Steve Jobs called Stoppelman in January 2010 in an effort to persuade him to turn down an acquisition offer by Google and in March 2012 Stoppelman rang the bell for the New York Stock Exchange after Yelp went public. According to Stoppelman, the biggest challenge at Yelp has been "the same problem Google faces in its rankings." Business owners have been suing reviewers that leave negative reviews and raising allegations that Yelp tampers with reviews to favor companies that advertise, leading to legal troubles for the company. In February 2013, Stoppelman accepted a salary of $1, though he continues to earn income from the investment of his 11 percent interest in the company.

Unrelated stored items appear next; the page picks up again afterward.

Lemma next_neq_prev f x : uniq f -> 2 < size f -> x \in f -> next f x != prev f x.
Proof.
move=> Uf sf xf; apply/eqP => Enp.
case: (rot_to xf) => i q Dq.
have : next f (next f x) = x by rewrite Enp next_prev.
rewrite -!(next_rot i Uf) Dq.
have : size (x :: q) > 2 by rewrite -Dq size_rot.
have : uniq (x :: q) by rewrite -Dq rot_uniq.
case: q {Dq} => [|a [|b q]] //= /andP[]; rewrite !inE !negb_or.
case/and3P=> xa xb _ /and3P[/andP[ab _] _ _] _.
rewrite eqxx /= (eq_sym a x) (negbTE xa) eqxx => bx.
by rewrite bx eqxx in xb.
Qed.

Lemma face_edgeE f x y : uniq f ->
  face_edge f x y = (x \in f) && ((y == next f x) || (y == prev f x)).
Proof.
move=> Uf; rewrite /face_edge; case xf: (x \in f) => //=.
case yf: (y \in f) => /=.
  congr (_ || _); first by rewrite eq_sym.
  by apply/eqP/eqP => [<-|->]; [rewrite prev_next | rewrite next_prev].
by apply/esym/negbTE/orP => -[] /eqP Ey; rewrite Ey ?mem_next ?mem_prev xf in yf.
Qed.

Lemma face_edge_sym f x y : face_edge f x y = face_edge f y x.
Proof. by rewrite /face_edge andbCA orbC. Qed.

Lemma face_edge_mem f x y : face_edge f x y -> (x \in f) && (y \in f).
Proof. by case/and3P=> -> ->. Qed.

Lemma next_neq f x : uniq f -> 1 < size f -> x \in f -> next f x != x.
Proof. by move=> Uf sf xf; apply/eqP => /(next_fixed Uf xf); rewrite leqNgt sf. Qed.

Lemma prev_neq f x : uniq f -> 1 < size f -> x \in f -> prev f x != x.
Proof.
move=> Uf sf xf; apply/eqP => Epx.
by have := next_prev Uf x; rewrite Epx => /eqP; rewrite (negbTE (next_neq Uf sf xf)).
Qed.

Lemma face_edge_irr f x : uniq f -> 1 < size f -> face_edge f x x = false.
Proof.
move=> Uf sf; rewrite face_edgeE //; case xf: (x \in f) => //=.
by rewrite !(eq_sym x) (negbTE (next_neq Uf sf xf)) (negbTE (prev_neq Uf sf xf)).
Qed.

Lemma face_edge_orient f x a b : uniq f -> a != b ->
  face_edge f x a -> face_edge f x b ->
  (a = next f x /\ b = prev f x) \/ (a = prev f x /\ b = next f x).
Proof.
move=> Uf ab; rewrite !face_edgeE // => /andP[_ /orP[] /eqP Ea] /andP[_ /orP[] /eqP Eb].
all: by [left | right | rewrite Ea Eb eqxx in ab].
Qed.

Lemma face_edge_two f x a b y : uniq f -> a != b ->
  face_edge f x a -> face_edge f x b -> face_edge f x y -> y = a \/ y = b.
Proof.
move=> Uf ab xa xb; rewrite face_edgeE // => /andP[_ /orP[] /eqP->].
all: by case: (face_edge_orient Uf ab xa xb) => -[-> ->]; auto.
Qed.

Lemma triangle_edge f x y : uniq f -> size f = 3 -> x \in f -> y \in f -> x != y ->
  face_edge f x y.
Proof.
move=> Uf sf xf yf xy; rewrite face_edgeE // xf /=.
have sf1 : 1 < size f by rewrite sf.
have sf2 : 2 < size f by rewrite sf.
have U3 : uniq [:: x; next f x; prev f x].
  rewrite /= !inE negb_or next_neq_prev // !(eq_sym x).
  by rewrite next_neq ?prev_neq.
have sub3 : {subset [:: x; next f x; prev f x] <= f}.
  by move=> z; rewrite !inE => /or3P[] /eqP->; rewrite ?mem_next ?mem_prev.
have [_ E3] := uniq_min_size U3 sub3 (eq_leq sf).
by move: yf; rewrite -E3 !inE (eq_sym y) (negbTE xy).
Qed.
End FaceBoundary.

Section PermutationOrbits.
Local Open Scope group_scope.
Variable T : finType.
Implicit Types (s : {perm T}) (c : seq T).

Lemma porbit_next s c x : uniq c -> {in c, s =1 next c} -> x \in c ->
  #|porbit s x| = size c.
Proof.
move=> Uc Es xc.
have It i : iter i s x = iter i (next c) x /\ iter i (next c) x \in c.
  elim: i => [|i [IH1 IH2]] //=.
  by rewrite IH1 Es // mem_next.
rewrite -(card_uniqP Uc); apply: eq_card => y.
apply/porbitP/idP => [[i ->]|yc]; first by rewrite permX; case: (It i) => ->.
have : fconnect (next c) x y by rewrite (fconnect_cycle (cycle_next Uc) xc).
move/iter_findex => <-; exists (findex (next c) x y).
by rewrite permX; case: (It (findex (next c) x y)).
Qed.

Lemma porbit_involution s x : s x != x -> s (s x) = x -> #|porbit s x| = 2.
Proof.
move=> sx ssx; have Uc : uniq [:: x; s x] by rewrite /= inE eq_sym sx.
apply: (porbit_next Uc); last by rewrite inE eqxx.
move=> w; rewrite !inE => /orP[] /eqP-> /=; first by rewrite eqxx.
by rewrite (negbTE sx) eqxx.
Qed.

Definition turns_along s c :=
  {in c, forall w, (s w = next c w /\ s^-1 w = prev c w) \/
                   (s w = prev c w /\ s^-1 w = next c w)}.

(* If s turns along c and steps forward at one vertex, it steps forward
   everywhere: otherwise some vertex would have equal successor and predecessor. *)
Lemma turns_along_next s c x : uniq c -> 2 < size c -> x \in c ->
  turns_along s c -> s x = next c x -> {in c, s =1 next c}.
Proof.
move=> Uc sc xc turn sx w wc.
have : fconnect (next c) x w by rewrite (fconnect_cycle (cycle_next Uc) xc).
move/iter_findex => <-; elim: (findex _ x w) => [|n IH] //=.
set u := iter n (next c) x in IH *.
have uc : u \in c by rewrite /u; elim: (n) => //= m IHm; rewrite mem_next.
have u'c : next c u \in c by rewrite mem_next.
case: (turn _ u'c) => [[] //|[_ Einv]].
have Eu : s^-1 (next c u) = u by rewrite -IH permK.
have : next c (next c u) = prev c (next c u) by rewrite -Einv Eu prev_next.
by move/eqP; rewrite (negbTE (next_neq_prev Uc sc u'c)).
Qed.

Lemma turns_along_rev s c : uniq c -> turns_along s c -> turns_along s (rev c).
Proof.
move=> Uc turn w; rewrite mem_rev => /turn.
by rewrite next_rev ?prev_rev //; case=> -[-> ->]; [right | left].
Qed.

Lemma porbit_face s c x : uniq c -> 2 < size c -> x \in c ->
  {in c, forall w, [/\ face_edge c w (s w), face_edge c w (s^-1 w) & s w != s^-1 w]} ->
  #|porbit s x| = size c.
Proof.
move=> Uc sc xc steps.
have turn : turns_along s c.
  by move=> w /steps[ea eb ab]; apply: face_edge_orient Uc ab ea eb.
case: (turn x xc) => -[sx _].
  exact: porbit_next Uc (turns_along_next Uc sc xc turn sx) xc.
have Urc : uniq (rev c) by rewrite rev_uniq.
have xrc : x \in rev c by rewrite mem_rev.
rewrite -size_rev; apply: (porbit_next Urc _ xrc).
apply: (turns_along_next Urc _ xrc (turns_along_rev Uc turn)).
  by rewrite size_rev.
by rewrite next_rev.
Qed.

Lemma card_porbits_uniform s k : (forall x, #|porbit s x| = k) ->
  #|T| = (#|porbits s| * k)%N.
Proof.
move=> Hk; rewrite -[in LHS]sum1_card (partition_big_imset (porbit s)) /=.
rewrite -sum_nat_const; apply: eq_bigr => X /imsetP[y _ ->].
rewrite -(Hk y) -sum1_card; apply: eq_bigl => x.
by rewrite eq_porbit_mem.
Qed.

Lemma odd_perm_uniform s k : 0 < k -> (forall x, #|porbit s x| = k) ->
  odd_perm s = odd #|T| (+) odd (#|T| %/ k).
Proof. by move=> k0 Hk; rewrite /odd_perm (card_porbits_uniform Hk) mulnK. Qed.
End PermutationOrbits.

Lemma cycle_nth (T : Type) (adj : rel T) (x0 : T) (s : seq T) :
  (forall k, k < size s -> adj (nth x0 s k) (nth x0 s (k.+1 %% size s))) -> path.cycle adj s.
Proof.
case: s => [|x p] //= He; apply/(pathP x) => i; rewrite size_rcons => hi.
have := He i hi; rewrite -cats1 -cat_cons !nth_cat hi (set_nth_default (s := x :: p) x0 x hi).
case: (ltngtP i (size p)) => [lt_ip|gt_ip|->].
- by rewrite modn_small ?ltnS // (set_nth_default x0).
- by rewrite ltnS leqNgt gt_ip in hi.
- by rewrite modnn subnn.
Qed.

Definition vertex_type := [:: 3; 3; 4; 3; 6].
Definition chart_type := [:: 6; 3; 3; 4; 3].

Lemma type_normal_form t :
  (exists r, t = rot r vertex_type \/ t = rot r (rev vertex_type)) ->
  exists k, rot k t = chart_type \/ rot k (rev t) = chart_type.
Proof.
case=> r; case: (ltnP r 5) => [r_lt|r_ge]; last first.
  by rewrite !rot_oversize // => -[] ->; exists 4; [left | right].
by case: r r_lt => [|[|[|[|[|]]]]] // _ [] ->;
   first [by exists 0; auto | by exists 1; auto | by exists 2; auto
         | by exists 3; auto | by exists 4; auto].
Qed.

Lemma card_darts (T : finType) (r : rel T) : symmetric r -> irreflexive r ->
  #|[set p : T * T | r p.1 p.2]| =
  2 * #|[set [set p.1; p.2] | p : T * T & r p.1 p.2]|.
Proof.
move=> r_sym r_irr.
rewrite -sum1_card (partition_big_imset (fun p : T * T => [set p.1; p.2])) /=.
rewrite mulnC -sum_nat_const; apply: eq_bigr => _ /imsetP[[x y] + ->] /=.
rewrite inE /= => rxy.
have xy : x != y by apply: contraTneq rxy => ->; rewrite r_irr.
rewrite (eq_bigl (mem [set (x, y); (y, x)])) ?sum1_card ?cards2.
  by rewrite xpair_eqE negb_and xy.
move=> [a b]; rewrite !inE /=; apply/andP/orP => [[rab /eqP Eab]|].
  have : a \in [set x; y] by rewrite -Eab set21.
  have : b \in [set x; y] by rewrite -Eab set22.
  rewrite !inE => /orP[] /eqP Eb /orP[] /eqP Ea; subst a b; rewrite ?r_irr // in rab.
    by right.
  by left.
by case=> /eqP[-> ->]; split; rewrite ?(r_sym y) // setUC.
Qed.

Lemma count_at_indices (T : Type) (P : pred T) (x0 : T) (s : seq T) (idx : seq nat) :
  uniq idx -> {in idx, forall i, i < size s /\ P (nth x0 s i)} -> size idx <= count P s.
Proof.
move=> U Hi; rewrite -[s in count _ s](mkseq_nth x0) /mkseq count_map -size_filter.
apply: (uniq_leq_size U) => i /Hi [hi Pi].
by rewrite mem_filter mem_iota add0n /= Pi hi.
Qed.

Stoppelman has a hands-on management style and sits at a desk among his employees. In 2016, an open letter on Medium to Stoppelman by a San Francisco employee of Yelp subsidiary Eat24, Talia Jane, went viral, describing how she and her coworkers struggled on their wages to afford groceries or winter heating in the Bay Area. She was immediately fired, though Stoppelman said this was not due to the letter. Yelp increased wages and benefits for low-level employees two months later.

In June 2022, following the COVID-19 pandemic, Stoppleman praised fully remote work, eliminating mandatory time in the office, and announced plans to close 450,000 square feet of office space in New York City, Washington, D.C., and Chicago.

==Personal==
Stoppelman is a "voracious" non-fiction reader, and his brother Michael previously worked at Yelp as Senior Vice President of Engineering. As of 2012, Stoppelman had written over one-thousand Yelp reviews. As of 2011, his net worth was estimated to be $111 million to $222 million.

===Political activism===
Stoppelman advocates for fewer zoning restrictions in order to allow denser housing in the Bay Area as a way of mitigating the California housing shortage. For example, he supports the YIMBY (yes in my backyard) movement. He was also a prominent supporter of a bill that would allow denser housing near public transit routes. He lobbied other tech executives to join him in encouraging local governments to build more housing near universities. He also speaks about affordable housing at public events and donates to related causes.

Stoppelman advocates for more aggressive enforcement of antitrust regulations against Google and other technology companies. He accuses Google of having a monopoly in digital maps, online search engines, and reviews. He is also one of the few male CEOs of a public company to be a public advocate for reproductive rights.